Retard staturo-pondéral au diagnostic de maladie de Crohn chez l'enfant et son devenir à l'âge adulte. Growth delay at diagnosis of Crohn's disease in a cohort of children : evolution into adulthood F. Vasseur, M. Baldé, B. Merlin, G. Vernier-Massouille, J. Dupas, E. Lerebours, R. Marti, J. Salomez, A. Cortot, J. Colombel, D. Turck, C. Gower-Rousseau
Introduction Le retard staturo-pondéral (RSP) est une complication grave de la maladie de Crohn (MC) de l'enfant. Son évolution est mal connue, les données disponibles provenant de petits effectifs hospitaliers, suivis pendant peu de temps. Buts du travail : 1) évaluer le RSP au moment du diagnostic de MC chez des enfants recensés en population générale ; 2) évaluer l'évolution du RSP à l'âge adulte ; 3) rechercher les facteurs qui influencent l'évolution du RSP.
Patients et Méthodes 472 enfants<17 ans lors du diagnostic de MC ont été recensés en population générale entre 1988 et 2002. La taille et le poids ont été recueillis rétrospectivement à partir des dossiers médicaux au cabinet des gastro-entérologues (n = 242) et pédiatres (n = 6). Les données au diagnostic et au suivi (durée minimale de 2 ans après le diagnostic) étaient complètes chez 275 enfants. Le score de la Déviation Standard (Z score) du poids, de la taille et de l'IMC a été calculé selon la méthode de Cole. Deux populations de référence ont été utilisées pour la comparaison du Z score : une française (Rolland-Cachera) [1] et une britannique (Cole) [2]. L'analyse statistique a été effectuée au moyen du test non paramétrique de Wilcoxon et Kruskal-Wallis.

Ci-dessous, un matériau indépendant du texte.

Lemma Rpower_fifth_pow x : 0 < x -> Rpower x (1/5) ^ 5 = x.
Proof.
  intros Hx. rewrite <- Rpower_pow by (unfold Rpower; apply exp_pos).
  rewrite Rpower_mult. replace (1 / 5 * INR 5) with 1 by (simpl; field).
  apply Rpower_1; exact Hx.
Qed.

Lemma pow_Rpower_fifth y : 0 < y -> Rpower (y ^ 5) (1/5) = y.
Proof.
  intros Hy. rewrite <- Rpower_pow by exact Hy.
  rewrite Rpower_mult. replace (INR 5 * (1 / 5)) with 1 by (simpl; field).
  apply Rpower_1; exact Hy.
Qed.

Definition on_plane (N : vec3) (p x : zpt) := dot N (vsub (vec x) (vec p)) = 0.

Section Component.

Variable Rad : R.

Local Notation t := (Rpower Rad (1/5)).

Definition near (a x : zpt) := n2 (vsub (vec x) (vec a)) <= 4 * t ^ 2.

Definition triple_near (a : zpt) := exists a1 a2 a3,
  a1 <> a2 /\ a1 <> a3 /\ a2 <> a3 /\
  gconnected Rad a a1 /\ gconnected Rad a a2 /\ gconnected Rad a a3 /\
  near a a1 /\ near a a2 /\ near a a3.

Résultats 275 enfants ont été inclus (156 M et 119 F), d'un âge médian au diagnostic de 14 ans [Q1 = 11-Q3 = 16] et suivis pendant une durée médiane de 68 mois [41-101]. Au moment du diagnostic, il existait pour l'ensemble de la cohorte un retard de croissance, portant sur la taille (-0,32 DS ; p<10-4), le poids (-0,99 DS ; p<10-4) et l'IMC (-1,3 DS ; p<10-4). 82 enfants (30%) avaient un IMC<-2DS et 27 (10%) une taille<-2DS. Le RSP n'était pas différent selon l'âge, le sexe et la localisation de la MC. Par contre, il était plus important dans les formes sténosantes que dans les formes inflammatoires (-1,6 DS vs -1 DS ; p = 0,01). A la fin du suivi, le retard de croissance était partiellement rattrapé pour l'ensemble de la cohorte, mais le développement staturo-pondéral ne rejoignait pas toutefois les valeurs de référence : taille (-0,2 DS ; p = 0,003) ; poids (-0,58 DS ; p<10-4) et IMC (-0,59 DS ; p<10-4). 28 patients (10%) conservaient un IMC<-2DS et 12 (4,3%) une taille<-2DS. La taille, le poids et l'IMC à la fin du suivi étaient positivement corrélés avec ces mêmes paramètres au moment du diagnostic (respectivement r2 = 0,72 ; p<10-4, r2 = 0,70 ; p<10-4, r2 = 0,55 ; p<10-4). Aucun des autres facteurs initiaux analysés (âge, sexe, puberté, localisation de la maladie) n'avait influencé le RSP à la fin du suivi.
Conclusion 1) il existait au moment du diagnostic de MC un RSP pour l'ensemble de la cohorte étudiée. Ce RSP pouvait être sévère : IMC et taille < -2DS dans respectivement 30 et 10% des cas ; 2) le RSP était indépendant de l'âge, du sexe et de la localisation de la maladie ; 3) le seul facteur significativement lié au RSP était le caractère sténosant de la MC au moment du diagnostic ; 4) Le RSP était en partie corrigé à l'âge adulte, mais le développement staturo-pondéral restait cependant inférieur aux valeurs de référence.